LB-bzw. LB AMP-Platten:
Ansatz wie oben durchführen, zusätzlich 15 g Bacto-Agar zufügen und autoklavieren. Für LB
amp-Platten den Ansatz für 2 h in ein 55 °C heißes Wasserbad geben und Antibiotikum (4 ml
der Stammlösung c = 25 mg/ml) zusetzen und das noch warme Medium in vorbereitete
Petrischalen gießen. Die Platten sind bei 4°C ca. 4 Wochen haltbar.
Bei Bedarf können auch Antibiotika auf die Platte gegeben und ausplattiert werden.

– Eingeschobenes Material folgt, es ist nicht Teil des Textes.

(* Let $q$ and $k$ be odd positive integers and $m$ an even positive integer. No latin square of order $mq$ of $q$-step type possesses a $k$-plex.
   Context: A latin square of order $n$ is an $n\times n$ array of $n$ symbols in which each symbol occurs exactly once in each row and column. A $k$-plex in a latin square of order $n$ is a set of $kn$ cells containing exactly $k$ cells from each row, exactly $k$ cells from each column, and exactly $k$ occurrences of each symbol. A latin square of order $mq$ is of $q$-step type if it can be partitioned into an $m\times m$ array of $q\times q$ blocks $A_{ij}$ such that each block is a latin subsquare of order $q$ and two blocks $A_{ij}$, $A_{i'j'}$ contain the same set of symbols if and only if $i+j\equiv i'+j'\pmod m$. *)

From mathcomp Require Import all_boot.
Set Implicit Arguments. Unset Strict Implicit. Unset Printing Implicit Defensive.

Definition latin_square (n : nat) (L : 'I_n -> 'I_n -> 'I_n) : Prop :=
  (forall r, injective (L r)) /\ (forall c, injective (fun r => L r c)).

Definition kplex (n : nat) (L : 'I_n -> 'I_n -> 'I_n) (k : nat)
    (P : {set 'I_n * 'I_n}) : Prop :=
  #|P| = k * n /\
  (forall r : 'I_n, #|[set x in P | x.1 == r]| = k) /\
  (forall c : 'I_n, #|[set x in P | x.2 == c]| = k) /\
  (forall s : 'I_n, #|[set x in P | L x.1 x.2 == s]| = k).

Definition block_cells (n q : nat) (i j : nat) : {set 'I_n * 'I_n} :=
  [set x : 'I_n * 'I_n | (x.1 %/ q == i) && (x.2 %/ q == j)].

Definition block_symbols (n q : nat) (L : 'I_n -> 'I_n -> 'I_n) (i j : nat)
  : {set 'I_n} :=
  [set L x.1 x.2 | x in block_cells n q i j].

(* A latin square of order m*q is of q-step type: each q x q block is a latin
   subsquare of order q (it contains exactly q symbols), and blocks (i,j),
   (i',j') have the same symbol set iff i + j = i' + j' (mod m). *)
Definition q_step_type (m q : nat) (L : 'I_(m * q) -> 'I_(m * q) -> 'I_(m * q))
  : Prop :=
  (forall i j : 'I_m, #|block_symbols q L i j| = q) /\
  (forall i j i' j' : 'I_m,
      block_symbols q L i j = block_symbols q L i' j' <->
      i + j = i' + j' %[mod m]).

From mathcomp Require Import all_boot.

Set Implicit Arguments.
Unset Strict Implicit.
Unset Printing Implicit Defensive.

(* Index rows, columns and symbols by 'I_(m*q) and call r %/ q the band of r.
   Give every symbol y a class: the column band in which y occurs in row 0.
   The q-step condition forces, for every cell (r,c),
       band r + band c = class (L r c)   (mod m)                      (1)
   with y = L r c: by the q-step condition the block (band r, j) with
   band r + j = class y (mod m) has the same symbols as block (0, class y),
   so it contains y; in row r of a latin square y then lies in column band j,
   and since it lies in column c, j = band c.  Summing (1) over a k-plex P, each band value is counted k times
   among rows, among columns and (via the classes, a bijection of the row-0
   columns) among symbols, so 2kS = kS (mod m), i.e. m divides kS, where
   S = \sum_x band x = q * 'C(m,2).  Parity then rules this out: with m even,
   m %| a * 'C(m,2) forces a * (m-1) to be even, impossible for a = kq odd. *)

Lemma sum_over_uniform_fibres (T I : finType) (P : {set T}) (g : T -> I)
    (f : I -> nat) (k : nat) :
  (forall i, #|[set x in P | g x == i]| = k) ->
  \sum_(x in P) f (g x) = k * \sum_i f i.
Proof.
move=> fibres; rewrite (partition_big g xpredT) //= big_distrr /=.
apply: eq_bigr => i _.
rewrite (eq_bigr (fun _ => f i)); last by move=> x /andP[_ /eqP ->].
rewrite (eq_bigl (mem [set x in P | g x == i])); last by move=> x; rewrite !inE.
by rewrite sum_nat_const fibres.
Qed.

Lemma even_ndvd_odd_mul_bin2 (m a : nat) :
  0 < m -> ~~ odd m -> odd a -> ~~ (m %| a * 'C(m, 2)).
Proof.
move=> m_gt0 m_even a_odd.
have m_double : m = (m./2).*2.
  by have := odd_double_half m; rewrite (negbTE m_even) add0n.
have half_gt0 : 0 < m./2 by rewrite lt0n; apply: contraTneq m_gt0 => h; rewrite m_double h.
have pred_odd : odd m.-1 by move: m_even; rewrite -{1}(prednK m_gt0) /= negbK.
have bin2E : 'C(m, 2) = m./2 * m.-1.
  by rewrite bin2 {1}m_double -mul2n -mulnA mul2n doubleK.
rewrite bin2E {1}m_double -mul2n mulnCA [2 * _]mulnC dvdn_pmul2l //.
by rewrite dvdn2 oddM a_odd pred_odd.
Qed.

Section Bands.

Variables m q : nat.
Hypothesis q_gt0 : 0 < q.

Lemma band_lt (x : 'I_(m * q)) : x %/ q < m.
Proof. by rewrite ltn_divLR // ltn_ord. Qed.

Lemma card_band (j : nat) : j < m -> #|[set x : 'I_(m * q) | x %/ q == j]| = q.
Proof.
move=> j_lt_m.
have in_range (t : 'I_q) : j * q + t < m * q.
  apply: (@leq_trans (j * q + q)); first by rewrite ltn_add2l.
  by rewrite -mulSnr leq_mul2r j_lt_m orbT.
pose embed (t : 'I_q) : 'I_(m * q) := Ordinal (in_range t).
have embed_inj : injective embed by move=> t1 t2 /(congr1 val) /= /addnI /val_inj.
suff -> : [set x : 'I_(m * q) | x %/ q == j] = embed @: [set: 'I_q].
  by rewrite card_imset // cardsT card_ord.
apply/setP => x; rewrite inE; apply/eqP/imsetP => [x_band | [t _ ->]].
- have x_mod_lt : x %% q < q by rewrite ltn_pmod.
  exists (Ordinal x_mod_lt); first by rewrite inE.
  by apply: val_inj; rewrite /= -x_band -divn_eq.
- by rewrite /= divnMDl // divn_small // addn0.
Qed.

Lemma sum_bands : \sum_(x : 'I_(m * q)) x %/ q = q * 'C(m, 2).
Proof.
pose band (x : 'I_(m * q)) : 'I_m := Ordinal (band_lt x).
rewrite -bin2_sum big_mkord -(@sum_over_uniform_fibres _ _ setT band val q).
  by apply: eq_bigl => x; rewrite in_setT.
move=> j; rewrite -[RHS](card_band (ltn_ord j)).
by apply: eq_card => x; rewrite !inE.
Qed.

Variable L : 'I_(m * q) -> 'I_(m * q) -> 'I_(m * q).
Hypothesis L_latin : latin_square L.
Hypothesis block_card : forall i j : 'I_m, #|block_symbols q L i j| = q.

(* In a row of band i, each symbol of block (i,j) occurs in column band j:
   the q cells of that row in the block carry q distinct symbols. *)
Lemma block_symbol_in_row (i j : 'I_m) (r : 'I_(m * q)) (y : 'I_(m * q)) :
  r %/ q = i -> y \in block_symbols q L i j ->
  exists2 c : 'I_(m * q), c %/ q = j & L r c = y.
Proof.
move=> r_band y_in.
have row_part : L r @: [set c : 'I_(m * q) | c %/ q == j] = block_symbols q L i j.
  apply/eqP; rewrite eqEcard card_imset; last exact: L_latin.1.
  rewrite block_card card_band // leqnn andbT.
  apply/subsetP => z /imsetP [c]; rewrite inE => c_band ->.
  by apply/imsetP; exists (r, c); rewrite // inE /= r_band c_band eqxx.
by move: y_in; rewrite -row_part => /imsetP [c]; rewrite inE => /eqP; exists c.
Qed.

Hypothesis step_sets : forall i j i' j' : 'I_m,
  block_symbols q L i j = block_symbols q L i' j' <-> i + j = i' + j' %[mod m].
Hypothesis m_gt0 : 0 < m.

Lemma order_gt0 : 0 < m * q.
Proof. by rewrite muln_gt0 m_gt0. Qed.

Let row0 : 'I_(m * q) := Ordinal order_gt0.

Definition symbol_class (y : 'I_(m * q)) : nat := invF (L_latin.1 row0) y %/ q.

Lemma bands_congr_class (r c : 'I_(m * q)) :
  r %/ q + c %/ q = symbol_class (L r c) %[mod m].
Proof.
set y := L r c.
pose i : 'I_m := Ordinal (band_lt r).
pose j0 : 'I_m := Ordinal (band_lt (invF (L_latin.1 row0) y)).
pose j : 'I_m := Ordinal (@ltn_pmod (j0 + m - i) m m_gt0).
pose zero : 'I_m := Ordinal m_gt0.
have shift : i + j = zero + j0 %[mod m].
  have i_le : i <= j0 + m by rewrite ltnW // ltn_addl.
  by rewrite /= modnDmr subnKC // modnDr.
have y_in0 : y \in block_symbols q L zero j0.
  apply/imsetP; exists (row0, invF (L_latin.1 row0) y); last by rewrite /= f_invF.
  by rewrite inE /= div0n !eqxx.
rewrite -(proj2 (step_sets _ _ _ _) shift) in y_in0.
have [c' c'_band Lc'] := @block_symbol_in_row i j r y erefl y_in0.
have -> : c = c' by apply: (L_latin.1 r); rewrite Lc'.
by rewrite c'_band.
Qed.

(* Classes are the bands of the row-0 columns, so they sum to the bands. *)
Lemma sum_symbol_classes :
  \sum_(y : 'I_(m * q)) symbol_class y = \sum_(x : 'I_(m * q)) x %/ q.
Proof.
rewrite (reindex_inj (L_latin.1 row0)); apply: eq_bigr => x _.
by rewrite /symbol_class invF_f.
Qed.

(* Summing (1) over a k-plex gives 2kS = kS (mod m), so m divides kS. *)
Lemma kplex_band_sum_dvd (k : nat) (P : {set 'I_(m * q) * 'I_(m * q)}) :
  kplex L k P -> m %| k * \sum_(x : 'I_(m * q)) x %/ q.
Proof.
move=> [_ [rows [cols syms]]].
set S := \sum_(x : 'I_(m * q)) x %/ q.
have band_total : \sum_(x in P) (x.1 %/ q + x.2 %/ q) = k * S + k * S.
  rewrite big_split /=.
  by rewrite (sum_over_uniform_fibres (fun r : 'I_(m * q) => r %/ q) rows)
             (sum_over_uniform_fibres (fun c : 'I_(m * q) => c %/ q) cols).
have class_total : \sum_(x in P) symbol_class (L x.1 x.2) = k * S.
  by rewrite (sum_over_uniform_fibres symbol_class syms) sum_symbol_classes.
have : k * S + k * S = 0 + k * S %[mod m].
  rewrite add0n -band_total -class_total -modn_summ -[RHS]modn_summ.
  by congr (_ %% _); apply: eq_bigr => x _; apply: bands_congr_class.
by move/eqP; rewrite eqn_modDr mod0n.
Qed.

End Bands.

Theorem theorem5p1 (q k m : nat) :
  0 < q -> odd q -> 0 < k -> odd k -> 0 < m -> ~~ odd m ->
  forall L : 'I_(m * q) -> 'I_(m * q) -> 'I_(m * q),
    latin_square L -> q_step_type L ->
    ~ exists P : {set 'I_(m * q) * 'I_(m * q)}, kplex L k P.
Proof.
move=> q_gt0 q_odd _ k_odd m_gt0 m_even L L_latin [block_card step_sets] [P P_kplex].
have := kplex_band_sum_dvd q_gt0 L_latin block_card step_sets m_gt0 P_kplex.
rewrite sum_bands // mulnA.
by apply/negP; apply: even_ndvd_odd_mul_bin2; rewrite // oddM k_odd q_odd.
Qed.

Vorsicht! Ampicillin ist wie alle Antibiotika sehr gegen Wärme empfindlich und wird bei
Temperaturen über 60°C schnell zerstört.
Ein Trick aus der Praxis:
Es hat sich bewährt, das IPTG und X-Gal erst kurz vor dem Ausstreichen der
Transformationsgemische auf die LB-Platten auszustreichen. Die Konzentration an der
Oberfläche ist so größer. Die Induktion ist schneller, die Farbintensitiät höher. Man kann auch
das Antibiotikum direkt ausstreichen, um so beim Plattengießen nur einen Arbeitsgang zu
haben. Im einzelnen wird wie folgt vorgegangen:
Herstellung von Selektionsplatten
Bei kleinen Platten d = 5,5 cm:
40 µL Ampicillinstammlösung 25mg/ml
16 µL X-Gal Stammlösung 40 mg/ml in DMSO
16 µL IPTG Stammlösung 20 mg/ml
Entsorgung:
Für den Umgang mit gentechnisch veränderten Bakterien gelten besondere Regeln. Alle
Lösungen und Geräte, die mit Bakterien in Kontakt gekommen sind, werden gesammelt und
20 Min. bei 121°C autoklaviert. Kleinteile wie Pipettenspitzen etc. alle Lösungen, die mit
Bakterien in Kontakt gekommen sind, werden z.B. in Autoklavierbeuteln gesammelt und
können anschließend nach dem Autoklavieren in den Hausmüll gegeben werden.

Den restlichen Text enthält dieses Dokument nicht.